The power to predict positive selection is also related to the magnitude of dN/dS (Figure 4A). With weak positive selection (e.g., dN/dS = 2), there is little power to detect positive selection regardless of branch length, while at longer branch lengths, larger dN/dS results in a higher fraction of simulated sequences that meet the threshold for significance in the strict branch-site test, although this is insufficient to overcome the limitations of shorter branch lengths. Of much less influence is the dN/dS value of the background lineages (Figure 4B). The proportion of significant alignment sets remains consistent over a variety of background dN/dS values, ranging from low (dN/dS = 0.01) to nearly neutral (dN/dS = 0.75). The proportion of foreground (positively selected) sites also has only a modest impact on predictions of positive selection (supplemental Table S5).

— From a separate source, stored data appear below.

(* Let $\{f_i\}_{i\in I}$ be a frame for a Hilbert space $\mathbb H$ with frame operator $S$ and canonical dual frame $\{\tilde f_i\}_{i\in I}$, $\tilde f_i=S^{-1}f_i$. Then for every subset $J\subset I$ and every $f\in\mathbb H$, $$\sum_{i\in J}|\langle f,f_i\rangle|^2-\sum_{i\in I}|\langle S_Jf,\tilde f_i\rangle|^2=\sum_{i\in J^c}|\langle f,f_i\rangle|^2-\sum_{i\in I}|\langle S_{J^c}f,\tilde f_i\rangle|^2,$$ where $J^c=I\setminus J$.
   Context: A family $\{f_i\}_{i\in I}$ in a Hilbert space $\mathbb H$ is a frame if there are constants $0<A\le B<\infty$ with $A\|f\|^2\le\sum_{i\in I}|\langle f,f_i\rangle|^2\le B\|f\|^2$ for all $f\in\mathbb H$; it is a Bessel sequence if only the upper inequality holds. Its frame operator is $Sf=\sum_{i\in I}\langle f,f_i\rangle f_i$ (bounded, positive, invertible for a frame). For $J\subset I$, $S_Jf=\sum_{i\in J}\langle f,f_i\rangle f_i$. *)

From HB Require Import structures.
From mathcomp Require Import all_boot all_order all_algebra.
From mathcomp Require Import all_classical all_reals all_analysis.
From mathcomp Require Import complex.
Set Implicit Arguments. Unset Strict Implicit. Unset Printing Implicit Defensive.
Import Order.TTheory GRing.Theory Num.Theory.
Local Open Scope classical_set_scope.
Local Open Scope ring_scope.

Notation cnorm := Normc.normc.
Notation cRe := complex.Re.

Section Frames.
Variable R : realType.
Variable V : lmodType R[i].
Variable ip : V -> V -> R[i].

Definition hnorm (u : V) : R := Num.sqrt (cRe (ip u u)).

Definition is_hilbert : Prop :=
  [/\ (forall (a : R[i]) (u v w : V), ip (a *: u + v) w = a * ip u w + ip v w),
      (forall u v : V, ip v u = conjc (ip u v)),
      (forall u : V, 0 <= ip u u),
      (forall u : V, ip u u = 0 -> u = 0) &
      (forall s : nat -> V,
          (forall e : R, 0 < e -> exists N : nat, forall m n : nat,
               (N <= m)%N -> (N <= n)%N -> hnorm (s m - s n) < e) ->
          exists l : V, forall e : R, 0 < e -> exists N : nat, forall n : nat,
               (N <= n)%N -> hnorm (s n - l) < e)].
(* Let $m\ge1$, $\lambda=(\lambda_1,\dots,\lambda_m)$ with nonzero real $\lambda_j$, and let $\mathfrak{g}_m(\lambda)$ be the oscillator algebra with basis $P,X_1,\dots,X_m,Y_1,\dots,Y_m,Q$ and the only nonzero brackets $[X_i,Y_j]=\delta_{ij}P$, $[Q,X_j]=\lambda_jY_j$, $[Q,Y_j]=-\lambda_jX_j$; let $G_m(\lambda)$ be the corresponding simply connected oscillator group. For $\varepsilon\in\mathbb{R}$ let $g_\varepsilon$ be the left-invariant metric with $g_\varepsilon(P,P)=g_\varepsilon(Q,Q)=\varepsilon$, $g_\varepsilon(P,Q)=1$, $g_\varepsilon(X_i,X_j)=g_\varepsilon(Y_i,Y_j)=\delta_{ij}$, and all other pairings of basis vectors zero. Every derivation $D$ of $\mathfrak{g}_m(\lambda)$ is written as $DP=\alpha P$, $DX_j=a_jP+\sum_l b^l_jX_l+\sum_l c^l_jY_l$, $DY_j=\tilde a_jP+\sum_l B^l_jX_l+\sum_l C^l_jY_l$, $DQ=\mu P-\sum_l\lambda_la_lX_l-\sum_l\lambda_l\tilde a_lY_l$ with real coefficients. Suppose $g_\varepsilon$ satisfies the solvsoliton equation $\mathrm{ric}=c\,\mathrm{Id}+D$ for some $c\in\mathbb{R}$ and some derivation $D$ of $\mathfrak{g}_m(\lambda)$. Then $\varepsilon=c=0$, $\mu=m/2$, and $\alpha=a_j=\tilde a_j=b^i_j=c^i_j=0$ for all $i,j$. Consequently the left-invariant Lorentzian metric $g_0$ is a steady solvsoliton (i.e. a solvsoliton with $c=0$).
   Context: $\mathrm{ric}$ is the Ricci operator of $g_\varepsilon$, defined by $g_\varepsilon(\mathrm{ric}X,Y)=\mathrm{Ric}(X,Y)$. A left-invariant pseudo-Riemannian metric on a simply connected solvable Lie group is a solvsoliton if $\mathrm{ric}=c\,\mathrm{Id}+D$ for some $c\in\mathbb{R}$ and some derivation $D$ of the Lie algebra; it is called steady if $c=0$. *)

From HB Require Import structures.
From mathcomp Require Import all_boot all_order all_algebra.
Set Implicit Arguments. Unset Strict Implicit. Unset Printing Implicit Defensive.
Import Order.TTheory GRing.Theory Num.Theory.
Local Open Scope ring_scope.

We also examined the performance of evolver-generated sequences with dN/dS = 1 on the foreground lineage to assess how well these sequences match the neutral expectation. The fraction of simulated sequences with P < 0.05 in the strict branch-site test was ≤3% across a range of branch lengths (Figure 2B), demonstrating that under a neutral model, there are few false predictions of positive selection, confirming results of Zhang et al. (2005).
In the strict branch-site test, the LRS is compared to a chi-square distribution with 1 d.f. to obtain a P-value. In principle, since we are testing deviation from neutrality only in one direction, the appropriate comparison is to a 50:50 mixture of and point mass 0 (Self and Liang 1987; Clark and Swanson 2005), and the distribution of LRS values with the neutral models fits the 50:50 mixture distribution more closely (Figure 2C), suggesting that evolver-simulated sequences do in fact represent a reasonable approximation of the null distribution.

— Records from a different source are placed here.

(* Let $m$ and $n$ be positive integers divisible by $4$, and let $t\ge 2$ and $r\ge 1$ be integers. Then (i) $\gamma_{tR}(C_m\times C_n)=\frac{mn}{2}$; (ii) $\gamma_{tR}(C_m\times K_{t,t})=2m$; (iii) $\gamma_{tR}(C_m\times P_{C_{3r}})=2mr$; (iv) $\gamma_{tR}(K_{t,t}\times P_{C_{3r}})=8r$.
   Context: $C_k$ is the cycle on $k$ vertices. The prism $P_{C_{3r}}$ over $C_{3r}$ is the Cartesian product $C_{3r}\,\Box\,K_2$ (two disjoint copies of $C_{3r}$ with a perfect matching joining corresponding vertices). A total Roman dominating function on a graph $X$ without isolated vertices is a map $f:V(X)\to\{0,1,2\}$ such that every vertex with label 0 has a neighbor with label 2 and the subgraph induced by vertices with positive labels has no isolated vertices; $\gamma_{tR}(X)$ is the minimum of $\sum_v f(v)$ over such $f$. The direct product $G\times H$ has vertex set $V(G)\times V(H)$, with $(g,h)(g',h')$ an edge iff $gg'\in E(G)$ and $hh'\in E(H)$. *)

From mathcomp Require Import all_boot all_order.
Set Implicit Arguments. Unset Strict Implicit. Unset Printing Implicit Defensive.

(* Cycle C_k on vertex set {0,...,k-1}: i ~ j iff j = i+1 mod k or i = j+1 mod k
   (a simple cycle when k >= 3). *)
Definition cycle_rel (k : nat) : rel 'I_k :=
  fun i j => (val j == i.+1 %% k) || (val i == j.+1 %% k).

(* Complete bipartite graph K_{t,t}: vertices (side, index), adjacent iff on
   different sides. *)
Definition Ktt_rel (t : nat) : rel (bool * 'I_t) :=
  fun x y => x.1 != y.1.

(* Prism P_{C_k} = C_k [] K_2 : vertices (cycle vertex, copy). *)
Definition prism_rel (k : nat) : rel ('I_k * bool) :=
  fun x y => ((x.2 == y.2) && cycle_rel x.1 y.1) || ((x.1 == y.1) && (x.2 != y.2)).

Definition direct_rel (V W : finType) (e1 : rel V) (e2 : rel W) : rel (V * W) :=
  fun x y => e1 x.1 y.1 && e2 x.2 y.2.

Definition is_TRDF (V : finType) (e : rel V) (f : {ffun V -> 'I_3}) : bool :=
  [forall v, (val (f v) == 0) ==> [exists u, e v u && (val (f u) == 2)]] &&
  [forall v, (val (f v) != 0) ==> [exists u, e v u && (val (f u) != 0)]].

Definition weight (V : finType) (f : {ffun V -> 'I_3}) : nat := \sum_(v : V) val (f v).

(* The default value 2*|V| is the weight of
   the constant-2 function, which is a TRDF whenever the graph has no isolated
   vertices, so the default never matters for such graphs. *)
Definition gamma_tR (V : finType) (e : rel V) : nat :=
  \big[minn/(2 * #|V|)%N]_(f : {ffun V -> 'I_3} | is_TRDF e f) weight f.

From mathcomp Require Import all_boot all_order zify.
Set Implicit Arguments. Unset Strict Implicit. Unset Printing Implicit Defensive.
Import Order.TTheory.

(* For a graph of maximum degree D >= 2, double counting gives
   2|V| <= D w(f) for every total Roman dominating function f: each vertex
   labelled 0 sees a vertex labelled 2, and each vertex labelled 2 has a
   positive neighbour, hence at most D - 1 neighbours labelled 0.  Conversely
   a total dominating set S yields the function 2 * 1_S of weight 2|S|, so
   gamma_tR = 2|S| = 2|V|/D as soon as D|S| = |V|.  Such sets multiply under
   the direct product, and C_{4k}, K_{t,t} and the prism over C_{3r} have one:
   the vertices i with i mod 4 in {0, 1}, one vertex on each side, and both
   copies of the vertices i with i mod 3 = 0. *)

Lemma sum_nat_indicator (T : finType) (P : pred T) :
  \sum_(x : T) (P x : nat) = #|[set x | P x]|.
Proof. by rewrite -[RHS]muln1 -sum_nat_cond_const [RHS]big_mkcond. Qed.

Lemma card_le_sum_covering (T : finType) (e : rel T) (A B : {set T}) :
  {in A, forall u, exists2 v, v \in B & e v u} ->
  #|A| <= \sum_(v in B) #|[set u in A | e v u]|.
Proof.
move=> cover; rewrite -sum1_card.
under [X in _ <= X]eq_bigr => v _ do
  rewrite -[#|_|]muln1 -sum_nat_cond_const big_mkcondr.
rewrite exchange_big; apply: leq_sum => u /cover[v vB evu].
by rewrite (bigD1 v) //= evu leq_addr.
Qed.

Lemma card_nbhd_le_size (T : finType) (e : rel T) (v : T) (s : seq T) :
  (forall u, e v u -> u \in s) -> #|e v| <= size s.
Proof.
by move=> sub; apply: leq_trans (card_size s); apply/subset_leq_card/subsetP.
Qed.

Section TotalRomanDomination.

Variable V : finType.
Implicit Types (e : rel V) (f : {ffun V -> 'I_3}) (S : {set V}).

Lemma gamma_tR_le_weight e f : is_TRDF e f -> gamma_tR e <= weight f.
Proof. exact: (@bigmin_le_cond _ nat). Qed.

Lemma leq_gamma_tR e k :
  k <= 2 * #|V| -> (forall f, is_TRDF e f -> k <= weight f) -> k <= gamma_tR e.
Proof. exact: (@le_bigmin _ nat). Qed.

Definition label_set f (i : nat) : {set V} := [set v | val (f v) == i].

Lemma weight_label_sets f : weight f = #|label_set f 1| + 2 * #|label_set f 2|.
Proof.
rewrite -!sum_nat_indicator big_distrr -big_split; apply: eq_bigr => v _.
by case: (f v) => -[|[|[|]]].
Qed.

Lemma card_label_sets f :
  #|V| = #|label_set f 0| + #|label_set f 1| + #|label_set f 2|.
Proof.
rewrite -!sum_nat_indicator -!big_split -sum1_card; apply: eq_bigr => v _.
by case: (f v) => -[|[|[|]]].
Qed.

Lemma card_label0_le_label2 e D f :
  symmetric e -> (forall v, #|e v| <= D) -> is_TRDF e f ->
  #|label_set f 0| <= #|label_set f 2| * (D - 1).
Proof.
move=> esym deg /andP[/forallP dom0 /forallP dom_pos].
rewrite -sum_nat_const.
apply: (leq_trans (card_le_sum_covering (e := e) (B := label_set f 2) _)).
  move=> u; rewrite inE => /(implyP (dom0 u))/existsP[v /andP[euv fv]].
  by exists v; rewrite 1?esym // inE.
apply: leq_sum => v; rewrite inE => /eqP fv2.
have /existsP[w /andP[evw fw]] : [exists w, e v w && (val (f w) != 0)].
  by apply: (implyP (dom_pos v)); rewrite fv2.
have sub : [set u in label_set f 0 | e v u] \subset [set u | e v u] :\ w.
  apply/subsetP => u; rewrite !inE => /andP[/eqP fu ->]; rewrite andbT.
  by apply: contraTneq fw => <-; rewrite fu.
apply: leq_trans (subset_leq_card sub) _.
by move: (cardsD1 w [set u | e v u]) (deg v); rewrite !inE evw cardsE; lia.
Qed.

Lemma TRDF_weight_lower_bound e D f :
  symmetric e -> 1 < D -> (forall v, #|e v| <= D) -> is_TRDF e f ->
  2 * #|V| <= D * weight f.
Proof.
move=> esym D1 deg fT; have := card_label0_le_label2 esym deg fT.
rewrite (card_label_sets f) weight_label_sets; nia.
Qed.

Definition total_dominating e S := forall v, exists2 u, e v u & u \in S.

Definition double_indicator S : {ffun V -> 'I_3} :=
  [ffun v => if v \in S then ord_max else ord0].

Lemma double_indicator_TRDF e S :
  total_dominating e S -> is_TRDF e (double_indicator S).
Proof.
move=> dom; apply/andP; split; apply/forallP => v; apply/implyP => _;
  have [u evu uS] := dom v; apply/existsP; exists u; by rewrite evu ffunE uS.
Qed.

Lemma weight_double_indicator S : weight (double_indicator S) = 2 * #|S|.
Proof.
rewrite /weight (eq_bigr (fun v => if v \in S then 2 else 0)) => [|v _].
  by rewrite -big_mkcond sum_nat_const mulnC.
by rewrite ffunE; case: (v \in S).
Qed.

(* By the lower bound, a total dominating set in a graph of maximum degree D
   has at least |V|/D vertices; a total perfect code attains this. *)
Definition total_perfect_code e D S :=
  [/\ symmetric e, forall v, #|e v| <= D, total_dominating e S & D * #|S| = #|V|].

Lemma gamma_tR_total_perfect_code e D S :
  1 < D -> total_perfect_code e D S -> gamma_tR e = 2 * #|S|.
Proof.
move=> D1 [esym deg dom cardS]; apply/eqP; rewrite eqn_leq.
rewrite -{1}(weight_double_indicator S) gamma_tR_le_weight ?double_indicator_TRDF //=.
apply: leq_gamma_tR => [|f fT]; first by rewrite leq_mul2l max_card.
have := TRDF_weight_lower_bound esym D1 deg fT.
by rewrite -cardS mulnCA leq_pmul2l // ltnW.
Qed.

End TotalRomanDomination.

Lemma total_perfect_code_direct (V W : finType) (e1 : rel V) (e2 : rel W)
    D1 D2 (S1 : {set V}) (S2 : {set W}) :
  total_perfect_code e1 D1 S1 -> total_perfect_code e2 D2 S2 ->
  total_perfect_code (direct_rel e1 e2) (D1 * D2) (setX S1 S2).
Proof.
move=> [sym1 deg1 dom1 card1] [sym2 deg2 dom2 card2]; split.
- by move=> x y; rewrite /direct_rel sym1 sym2.
- move=> [v w]; apply: leq_trans (_ : #|setX [set u | e1 v u] [set u | e2 w u]| <= _).
    by apply/subset_leq_card/subsetP => q; rewrite !inE.
  by rewrite cardsX !cardsE leq_mul.
- move=> [v w]; have [u e1vu uS1] := dom1 v; have [x e2wx xS2] := dom2 w.
  by exists (u, x); rewrite /direct_rel ?inE /= ?e1vu ?uS1.
- by rewrite cardsX card_prod mulnACA card1 card2.
Qed.

Lemma gamma_tR_direct (V W : finType) (e1 : rel V) (e2 : rel W)
    D1 D2 (S1 : {set V}) (S2 : {set W}) :
  1 < D1 * D2 -> total_perfect_code e1 D1 S1 -> total_perfect_code e2 D2 S2 ->
  gamma_tR (direct_rel e1 e2) = 2 * (#|S1| * #|S2|).
Proof.
move=> D12 C1 C2.
by rewrite (gamma_tR_total_perfect_code D12 (total_perfect_code_direct C1 C2)) cardsX.
Qed.

Lemma card_ord_count k (P : pred nat) : #|[set i : 'I_k | P i]| = count P (iota 0 k).
Proof.
rewrite cardE /enum_mem size_filter -enumT -val_enum_ord count_map.
by apply: eq_count => i; rewrite /= inE.
Qed.

Lemma count_iota_modn p a (P : pred nat) :
  count (fun i => P (i %% p)) (iota 0 (a * p)) = a * count P (iota 0 p).
Proof.
elim: a => [|a IHa] //; rewrite mulSnr iotaD count_cat IHa add0n mulSnr.
rewrite -[in iota (a * p) p](addn0 (a * p)) iotaDl count_map.
congr (_ + _); apply: eq_in_count => i; rewrite mem_iota /= => ip.
by rewrite modnMDl modn_small.
Qed.

Lemma card_ord_modn (P : pred nat) k p : p %| k ->
  #|[set i : 'I_k | P (i %% p)]| = k %/ p * count P (iota 0 p).
Proof.
move=> /dvdnP[a ->]; rewrite (card_ord_count _ (fun i => P (i %% p))) count_iota_modn.
by case: p => [|p]; rewrite ?muln0 ?mulnK.
Qed.

Lemma cycle_relE k (i j : 'I_k) : cycle_rel i j = (j == ordS i) || (j == ord_pred i).
Proof.
congr (_ || _); apply/eqP/eqP => [ij|->]; last by rewrite -{1}(ord_predK i).
by rewrite -(ordSK j); congr ord_pred; apply: val_inj.
Qed.

Lemma cycle_sym k : symmetric (@cycle_rel k).
Proof. by move=> i j; rewrite /cycle_rel orbC. Qed.

Lemma card_cycle_nbhd k (i : 'I_k) : #|cycle_rel i| <= 2.
Proof.
by apply: (card_nbhd_le_size (s := [:: ordS i; ord_pred i])) => j; rewrite cycle_relE !inE.
Qed.

Lemma val_ord_pred k (i : 'I_k) : 0 < i -> val (ord_pred i) = i.-1.
Proof. by case: i => [[|i] //= ik] _; rewrite modnDr modn_small // ltnW. Qed.

Definition cycle_code k : {set 'I_k} := [set i : 'I_k | i %% 4 < 2].

Lemma cycle_code_total_perfect k :
  4 %| k -> total_perfect_code (@cycle_rel k) 2 (cycle_code k).
Proof.
move=> k4; split.
- exact: cycle_sym.
- exact: card_cycle_nbhd.
- move=> i; rewrite /cycle_code.
  have [i12 | i03] := boolP ((i %% 4 == 1) || (i %% 4 == 2)).
    have i0 : 0 < i by move: i12; lia.
    exists (ord_pred i); first by rewrite cycle_relE eqxx orbT.
    by rewrite inE val_ord_pred //; lia.
  exists (ordS i); first by rewrite cycle_relE eqxx.
  by rewrite inE /= modn_dvdm //; lia.
- by rewrite card_ord (card_ord_modn (fun j => j < 2) k4) /=; lia.
Qed.

Lemma Ktt_sym t : symmetric (@Ktt_rel t).
Proof. by move=> x y; rewrite /Ktt_rel eq_sym. Qed.

Definition Ktt_code t (i0 : 'I_t) : {set bool * 'I_t} := setX [set: bool] [set i0].

Lemma Ktt_code_total_perfect t (i0 : 'I_t) :
  total_perfect_code (@Ktt_rel t) t (Ktt_code i0).
Proof.
split.
- exact: Ktt_sym.
- move=> [b i].
  apply: leq_trans (card_nbhd_le_size (s := [seq (~~ b, j) | j <- enum 'I_t]) _) _.
    move=> [c j]; rewrite /Ktt_rel /= => bc.
    by apply/mapP; exists j; rewrite ?mem_enum //; case: b c bc => -[].
  by rewrite size_map size_enum_ord.
- by move=> [b i]; exists (~~ b, i0); rewrite /Ktt_rel ?inE /=; case: b.
- by rewrite cardsX cardsT cards1 card_prod card_bool card_ord mulnC.
Qed.

Lemma prism_sym k : symmetric (@prism_rel k).
Proof. by move=> [i b] [j c]; rewrite /prism_rel /= cycle_sym (eq_sym b) (eq_sym i). Qed.

Lemma card_prism_nbhd k (x : 'I_k * bool) : #|prism_rel x| <= 3.
Proof.
case: x => i b.
apply: (card_nbhd_le_size (s := [:: (ordS i, b); (ord_pred i, b); (i, ~~ b)])).
move=> [j c]; rewrite /prism_rel cycle_relE !inE /= !xpair_eqE (eq_sym i).
by case: b c => -[]; case: (j == ordS i); case: (j == ord_pred i); case: (j == i).
Qed.

Definition prism_code k : {set 'I_k * bool} :=
  setX [set i : 'I_k | i %% 3 == 0] [set: bool].

Lemma prism_code_total_perfect k :
  3 %| k -> total_perfect_code (@prism_rel k) 3 (prism_code k).
Proof.
move=> k3; split.
- exact: prism_sym.
- exact: card_prism_nbhd.
- move=> [i b]; rewrite /prism_rel.
  have [i0 | i12] := boolP (i %% 3 == 0).
    by exists (i, ~~ b); rewrite ?eqxx ?inE ?i0 //=; case: b.
  have [i1 | i2] := boolP (i %% 3 == 1).
    have i_gt0 : 0 < i by move: i1; lia.
    exists (ord_pred i, b); first by rewrite /= cycle_relE !eqxx orbT.
    by rewrite !inE val_ord_pred //; lia.
  exists (ordS i, b); first by rewrite /= cycle_relE !eqxx.
  by rewrite !inE /= modn_dvdm //; lia.
- rewrite cardsX cardsT (card_ord_modn (pred1 0) k3) card_prod card_ord card_bool /=.
  by move: k3 => /dvdnP[a ->]; rewrite mulnK //; lia.
Qed.

Theorem corollary4p6 (m n t r : nat) :
  0 < m -> 0 < n -> 4 %| m -> 4 %| n -> 2 <= t -> 1 <= r ->
  [/\ gamma_tR (direct_rel (@cycle_rel m) (@cycle_rel n)) = (m * n) %/ 2,
      gamma_tR (direct_rel (@cycle_rel m) (@Ktt_rel t)) = 2 * m,
      gamma_tR (direct_rel (@cycle_rel m) (@prism_rel (3 * r))) = 2 * m * r &
      gamma_tR (direct_rel (@Ktt_rel t) (@prism_rel (3 * r))) = 8 * r].
Proof.
move=> _ _ m4 n4 t2 _; case: t t2 => // t _.
have Cm := cycle_code_total_perfect m4; have Cn := cycle_code_total_perfect n4.
have K := Ktt_code_total_perfect (@ord0 t).
have P := prism_code_total_perfect (dvdn_mulr r (dvdnn 3)).
have [_ _ _ cardCm] := Cm; have [_ _ _ cardCn] := Cn; have [_ _ _ cardP] := P.
have cardK : #|Ktt_code (@ord0 t)| = 2 by rewrite cardsX cardsT cards1 card_bool.
rewrite card_ord in cardCm; rewrite card_ord in cardCn.
rewrite card_prod card_ord card_bool in cardP.
split.
- rewrite (gamma_tR_direct _ Cm Cn) // -[m in RHS]cardCm -[n in RHS]cardCn.
  by rewrite mulnACA -mulnA mulKn.
- by rewrite (gamma_tR_direct _ Cm K) ?cardK; lia.
- by rewrite (gamma_tR_direct _ Cm P); lia.
- by rewrite (gamma_tR_direct _ K P) ?cardK; lia.
Qed.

Alternative null model using an empirical test:
The simulations showed that for any given set of parameters, increasing dN/dS above 1 resulted in a shift in the distribution of LRS values in the comparison of model A and model A-null (Figure 2). As an alternative to determining significance using a likelihood-ratio test as in the strict branch-site test, we evaluated use of the distribution of LRS values from simulations with dN/dS = 1 on the foreground branch to define an empirical threshold of significance. In this method, the 5% significance threshold is defined as the LRS value such that 5% of the simulated neutral sequences have a LRS value above the threshold. In evaluating sequences simulated under a model of positive selection, if the LRS exceeds the 5% threshold defined in the matched neutral simulation, we would consider that there is less than a 5% probability that the pattern of selection can be accounted for by the neutral model. As shown in Figure 5, more sequences simulated under models of positive selection were correctly classified when using the empirically defined 5% significance threshold, compared to the LRT. The increase in sensitivity was particularly evident at shorter branch lengths.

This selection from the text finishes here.